Task directions
Exactly and only the lines from the one containing "O => 2 * (Re v" through the close of the entries below are to be set down.

Entries provided
(* Let $\vec\alpha\in\mathbb{R}^{10}$ be such that $\Psi[\vec\alpha]$ is an irreducible rational function and $\alpha_1+i\alpha_2\ne0$. Then for every $r>0$ the ten maps $K_1[\vec\alpha],\dots,K_{10}[\vec\alpha]:\mathbb{R}^2\to\mathbb{R}^3$ are linearly independent over $\mathbb{R}$.
   Context: Identify $\mathbb{R}^2$ with $\mathbb{C}$, $z=x+iy$; $\mathcal S(z)=\frac{1}{1+|z|^2}(2\,\mathrm{Re}\,z,2\,\mathrm{Im}\,z,|z|^2-1)$ is the stereographic projection. For $\vec\alpha=(\alpha_1,\dots,\alpha_{10})\in\mathbb{R}^{10}$ let $\Psi[\vec\alpha](z)=\frac{(\alpha_1+i\alpha_2)z^2+(\alpha_3+i\alpha_4)z+(\alpha_5+i\alpha_6)}{1-(\alpha_7+i\alpha_8)z-(\alpha_9+i\alpha_{10})z^2}$. For a parameter $r>0$ and $i=1,\dots,10$, $K_i[\vec\alpha]=r^{\beta_i}\,\partial_{\alpha_i}\mathcal S(\Psi[\vec\alpha])$, where $\beta_i=0$ for $i\in\{1,2,5,6\}$, $\beta_i=-1$ for $i\in\{3,4,7,8\}$, $\beta_i=-2$ for $i\in\{9,10\}$. *)

From Stdlib Require Import Reals.
From Coquelicot Require Import Coquelicot.
Open Scope R_scope.

(* Parameter vectors alpha in R^10 are represented as alpha : nat -> R,
   using only the indices 1..10 (alpha 1 = alpha_1, ..., alpha 10 = alpha_10). *)

Definition cpx (a b : R) : C := (a, b).

Definition Psi_num (alpha : nat -> R) (z : C) : C :=
  (cpx (alpha 1%nat) (alpha 2%nat) * z * z + cpx (alpha 3%nat) (alpha 4%nat) * z
   + cpx (alpha 5%nat) (alpha 6%nat))%C.

Definition Psi_den (alpha : nat -> R) (z : C) : C :=
  (1 - cpx (alpha 7%nat) (alpha 8%nat) * z - cpx (alpha 9%nat) (alpha 10%nat) * z * z)%C.

Definition Psi (alpha : nat -> R) (z : C) : C := (Psi_num alpha z / Psi_den alpha z)%C.

(* Psi[alpha] is an irreducible rational function: numerator and denominator
   (polynomials in z over C) are coprime, i.e. have no common complex root. *)
Definition Psi_irreducible (alpha : nat -> R) : Prop :=
  forall z : C, ~ (Psi_num alpha z = 0%C /\ Psi_den alpha z = 0%C).

(* stereographic projection S(z) = (2 Re z, 2 Im z, |z|^2 - 1) / (1 + |z|^2),
   given componentwise: S_comp 0, S_comp 1, S_comp 2 *)
Definition S_comp (k : nat) (z : C) : R :=
  let n2 := Cmod z ^ 2 in
  match k with
  | O => 2 * Re z / (1 + n2)
  | 1%nat => 2 * Im z / (1 + n2)
  | _ => (n2 - 1) / (1 + n2)
  end.

Definition upd (alpha : nat -> R) (i : nat) (t : R) : nat -> R :=
  fun j => if Nat.eqb j i then t else alpha j.

Definition rbeta (r : R) (i : nat) : R :=
  match i with
  | 1%nat | 2%nat | 5%nat | 6%nat => 1
  | 3%nat | 4%nat | 7%nat | 8%nat => / r
  | _ => / (r ^ 2)
  end.

Definition K (alpha : nat -> R) (r : R) (i : nat) (k : nat) (z : C) : R :=
  rbeta r i * Derive (fun t => S_comp k (Psi (upd alpha i t) z)) (alpha i).

Definition lincomb (c : nat -> R) (alpha : nat -> R) (r : R) (k : nat) (z : C) : R :=
  sum_f_R0 (fun n => c (S n) * K alpha r (S n) k z) 9.

From Stdlib Require Import Reals Lra Lia.
From Coquelicot Require Import Coquelicot.
Open Scope R_scope.

(* K_i[alpha](z) is r^{beta_i} times the differential of the stereographic projection at
   Psi[alpha](z), applied to the partial derivative of Psi[alpha](z) in alpha_i.  That
   differential is injective, so a vanishing combination sum c_i K_i forces the variation
   of Psi in the direction (c_i r^{beta_i})_i to vanish.  Writing Psi = N/D, this says that
   (a2 z^2 + a1 z + a0) D + N (b1 z + b2 z^2) = 0 wherever D(z) <> 0, the complex
   coefficients being built from the c_i r^{beta_i}.  The quartic vanishes at five real
   points near 0, so all its coefficients vanish: a0 = 0, and (a1, a2, b1, b2) solves the
   Sylvester system of N and D.  At the roots of N, which are not roots of D because Psi is
   irreducible, a2 z + a1 must vanish; this kills a1 and a2, and then alpha_1 + i alpha_2 <> 0
   kills b1 and b2. *)

Definition S_comp_diff (k : nat) (w v : C) : R :=
  let n := Re w ^ 2 + Im w ^ 2 in
  let l := Re w * Re v + Im w * Im v in
  match k with
  | O => 2 * (Re v * (1 + n) - 2 * Re w * l) / (1 + n) ^ 2
  | 1%nat => 2 * (Im v * (1 + n) - 2 * Im w * l) / (1 + n) ^ 2
  | _ => 4 * l / (1 + n) ^ 2
  end.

Response area
  | O => 2 * (Re v * (1 + n) - 2 * Re w * l) / (1 + n) ^ 2
  | 1%nat => 2 * (Im v * (1 + n) - 2 * Im w * l) / (1 + n) ^ 2
  | _ => 4 * l / (1 + n) ^ 2
  end.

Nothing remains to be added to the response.